[Records provided — start]

(* Let $g\colon\mathbb X\to\mathbb Y$ be continuously differentiable, $D\subset\mathbb Y$ closed, $\Phi(x):=g(x)-D$, $(\bar x,0)\in\operatorname{gph}\Phi$, $u\in\mathbb S_{\mathbb X}$, and let $\{e_1,\dots,e_m\}$ be an orthonormal basis of $\mathbb Y$. Then $\Phi$ is quasi-normal in direction $u$ at $(\bar x,0)$ w.r.t. $\{e_1,\dots,e_m\}$ if and only if there does not exist a nonzero $\lambda\in\mathcal N_D(g(\bar x);\nabla g(\bar x)u)$ with $\nabla g(\bar x)^*\lambda=0$ for which there are sequences $\{x_k\}\subset\mathbb X$ with $x_k\ne\bar x$, $\{z_k\}\subset D$, $\{\lambda_k\}\subset\mathbb Y$ with $x_k\to\bar x$, $z_k\to g(\bar x)$, $\lambda_k\to\lambda$, $(x_k-\bar x)/\|x_k-\bar x\|\to u$, $(z_k-g(\bar x))/\|x_k-\bar x\|\to\nabla g(\bar x)u$, and, for all $k$ and $i$, $\lambda_k\in\widehat{\mathcal N}_D(z_k)$ and $\langle\lambda,e_i\rangle\langle g(x_k)-z_k,e_i\rangle>0$ whenever $\langle\lambda,e_i\rangle\ne0$.
   Context: $\nabla g(\bar x)$ is the derivative (linear map), $\nabla g(\bar x)^*$ its adjoint. $\widehat{\mathcal N}_D$ regular normal cone, $\mathcal N_D(y;v)$ directional limiting normal cone (all limits of $\eta_k\in\widehat{\mathcal N}_D(y+t_kv_k)$ with $v_k\to v$, $t_k\searrow0$). Quasi-normality in direction $u$ at $(\bar x,\bar y)$ w.r.t. $\{e_i\}$: there is no nonzero $\lambda$ with $0\in D^*\Phi((\bar x,\bar y);(u,0))(\lambda)$ (directional limiting coderivative, i.e. $(0,-\lambda)\in\mathcal N_{\operatorname{gph}\Phi}((\bar x,\bar y);(u,0))$) for which there exist $\{(x_k,y_k)\}\subset\operatorname{gph}\Phi$ with $x_k\ne\bar x$, $\{\lambda_k\}\subset\mathbb Y$, $\{\eta_k\}\subset\mathbb X$ with $x_k\to\bar x$, $y_k\to\bar y$, $\lambda_k\to\lambda$, $\eta_k\to0$, $(x_k-\bar x)/\|x_k-\bar x\|\to u$, $(y_k-\bar y)/\|x_k-\bar x\|\to0$, $\eta_k\in\widehat D^*\Phi(x_k,y_k)(\lambda_k)$ (regular coderivative), and $\langle\lambda,e_i\rangle\langle y_k-\bar y,e_i\rangle>0$ whenever $\langle\lambda,e_i\rangle\ne0$. *)

(* Finite-dimensional Euclidean spaces X, Y are modelled as row vectors
   'rV[R]_n, 'rV[R]_m with the standard dot product and Euclidean norm.
   Sequence convergence uses the library topology on matrices
   (equivalent to the Euclidean one). *)
From HB Require Import structures.
From mathcomp Require Import all_boot all_order all_algebra.
From mathcomp Require Import all_classical all_reals all_analysis.
Set Implicit Arguments. Unset Strict Implicit. Unset Printing Implicit Defensive.
Import Order.TTheory GRing.Theory Num.Theory.
Import numFieldNormedType.Exports.
Local Open Scope classical_set_scope.
Local Open Scope ring_scope.

Section Defs.
Variable R : realType.

Definition dotv (k : nat) (u v : 'rV[R]_k) : R := (u *m v^T) 0 0.

Definition enorm (k : nat) (v : 'rV[R]_k) : R := Num.sqrt (dotv v v).

Definition rnormal (k : nat) (C : set 'rV[R]_k) (y : 'rV[R]_k) : set 'rV[R]_k :=
  [set eta | C y /\
    forall eps : R, 0 < eps -> exists2 delta : R, 0 < delta &
      forall y', C y' -> enorm (y' - y) < delta ->
        dotv eta (y' - y) <= eps * enorm (y' - y)].

Definition dlnormal (k : nat) (C : set 'rV[R]_k) (y v : 'rV[R]_k) : set 'rV[R]_k :=
  [set eta | exists (t : nat -> R) (vk etak : nat -> 'rV[R]_k),
    [/\ (forall j, 0 < t j), t @ \oo --> (0 : R), vk @ \oo --> v,
        etak @ \oo --> eta &
        forall j, rnormal C (y + t j *: vk j) (etak j)]].

(* the graph of a set-valued map X => Y, embedded in R^(n+m) via row_mx *)
Definition gph_set (n m : nat) (G : 'rV[R]_n -> 'rV[R]_m -> Prop) : set 'rV[R]_(n + m) :=
  [set z | G (lsubmx z) (rsubmx z)].

Definition rcoder (n m : nat) (G : 'rV[R]_n -> 'rV[R]_m -> Prop)
  (x : 'rV[R]_n) (y lam : 'rV[R]_m) : set 'rV[R]_n :=
  [set eta | rnormal (gph_set G) (row_mx x y) (row_mx eta (- lam))].

Definition dlcoder (n m : nat) (G : 'rV[R]_n -> 'rV[R]_m -> Prop)
  (x : 'rV[R]_n) (y : 'rV[R]_m) (u : 'rV[R]_n) (v lam : 'rV[R]_m) : set 'rV[R]_n :=
  [set eta | dlnormal (gph_set G) (row_mx x y) (row_mx u v) (row_mx eta (- lam))].

Definition quasi_normal_dir (n m : nat) (G : 'rV[R]_n -> 'rV[R]_m -> Prop)
  (xb : 'rV[R]_n) (yb : 'rV[R]_m) (u : 'rV[R]_n) (e : 'I_m -> 'rV[R]_m) : Prop :=
  ~ exists lam : 'rV[R]_m,
      [/\ lam != 0, dlcoder G xb yb u 0 lam 0 &
        exists (xk : nat -> 'rV[R]_n) (yk lamk : nat -> 'rV[R]_m) (etak : nat -> 'rV[R]_n),
          (forall k, G (xk k) (yk k) /\ xk k != xb) /\
          xk @ \oo --> xb /\ yk @ \oo --> yb /\ lamk @ \oo --> lam /\
          etak @ \oo --> (0 : 'rV[R]_n) /\
          (fun k => (enorm (xk k - xb))^-1 *: (xk k - xb)) @ \oo --> u /\
          (fun k => (enorm (xk k - xb))^-1 *: (yk k - yb)) @ \oo --> (0 : 'rV[R]_m) /\
          (forall k, rcoder G (xk k) (yk k) (lamk k) (etak k)) /\
          (forall k (i : 'I_m), dotv lam (e i) != 0 ->
             0 < dotv lam (e i) * dotv (yk k - yb) (e i))].

Definition C1 (n m : nat) (g : 'rV[R]_n -> 'rV[R]_m) : Prop :=
  (forall x, differentiable g x) /\
  continuous (fun x => lin1_mx ('d g x)).

Definition adjoint (n m : nat) (L : 'rV[R]_n -> 'rV[R]_m) (lam : 'rV[R]_m) : 'rV[R]_n :=
  lam *m (lin1_mx L)^T.

(* the map Phi(x) = g(x) - D, as its graph relation *)
Definition PhiG (n m : nat) (g : 'rV[R]_n -> 'rV[R]_m) (D : set 'rV[R]_m)
  (x : 'rV[R]_n) (y : 'rV[R]_m) : Prop := D (g x - y).

End Defs.

From HB Require Import structures.
From mathcomp Require Import all_boot all_order all_algebra.
From mathcomp Require Import all_classical all_reals all_analysis.
From mathcomp Require Import ring lra.
Import Order.TTheory GRing.Theory Num.Theory.
Import numFieldNormedType.Exports.
Local Open Scope classical_set_scope.
Local Open Scope ring_scope.
Set Implicit Arguments. Unset Strict Implicit. Unset Printing Implicit Defensive.

(* The graph of Phi is the preimage of D under F(x, y) = g x - y, whose derivative
   (h, k) |-> 'd g x h - k has adjoint lam |-> (('d g x)^* lam, -lam).  Hence the regular
   normals to gph Phi at (x, y) are exactly the pairs (('d g x)^* lam, -lam) with lam a
   regular normal to D at g x - y: one inclusion is the chain rule for regular normals, the
   other follows by testing the normal against the tangent curve
   t |-> (x + t z, y + g (x + t z) - g x) of the graph.  Passing to the limit along
   t_k -> 0+ turns the directional limiting coderivative condition into
   lam \in N_D(g xb; 'd g xb u) with ('d g xb)^* lam = 0, and the substitution
   y_k = g x_k - z_k matches the sequences of the two conditions term by term, the
   difference quotients (g x_k - g xb) / |x_k - xb| converging to 'd g xb u. *)

Section Euclidean.
Variables (R : realType) (k : nat).
Implicit Types (u v w : 'rV[R]_k) (a : R).

Lemma dotvE u v : dotv u v = \sum_i u 0 i * v 0 i.
Proof. by rewrite /dotv mxE; apply: eq_bigr => i _; rewrite mxE. Qed.

Lemma dotvC u v : dotv u v = dotv v u.
Proof. by rewrite !dotvE; apply: eq_bigr => i _; rewrite mulrC. Qed.

Lemma dotvDl u v w : dotv (u + v) w = dotv u w + dotv v w.
Proof. by rewrite /dotv mulmxDl mxE. Qed.

Lemma dotvZl a u w : dotv (a *: u) w = a * dotv u w.
Proof. by rewrite /dotv -scalemxAl mxE. Qed.

Lemma dotvNl u w : dotv (- u) w = - dotv u w.
Proof. by rewrite -scaleN1r dotvZl mulN1r. Qed.

Lemma dotvBl u v w : dotv (u - v) w = dotv u w - dotv v w.
Proof. by rewrite dotvDl dotvNl. Qed.

Lemma dotvDr u v w : dotv w (u + v) = dotv w u + dotv w v.
Proof. by rewrite dotvC dotvDl !(dotvC w). Qed.

Lemma dotvZr a u w : dotv w (a *: u) = a * dotv w u.
Proof. by rewrite dotvC dotvZl dotvC. Qed.

Lemma dotvNr u w : dotv w (- u) = - dotv w u.
Proof. by rewrite dotvC dotvNl dotvC. Qed.

Lemma dotvBr u v w : dotv w (u - v) = dotv w u - dotv w v.
Proof. by rewrite dotvDr dotvNr. Qed.

Lemma dotv0r w : dotv w 0 = 0.
Proof. by rewrite -(scale0r 0) dotvZr mul0r. Qed.

Lemma dotvv_ge0 v : 0 <= dotv v v.
Proof. by rewrite dotvE; apply: sumr_ge0 => i _; rewrite -expr2 sqr_ge0. Qed.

[Records provided — finish]

→ **Task to complete**:
Among the records above, find each line holding "Euclidean" and list it.

→ **Output below**:
(* Finite-dimensional Euclidean spaces X, Y are modelled as row vectors
   'rV[R]_n, 'rV[R]_m with the standard dot product and Euclidean norm.
   (equivalent to the Euclidean one). *)
Section Euclidean.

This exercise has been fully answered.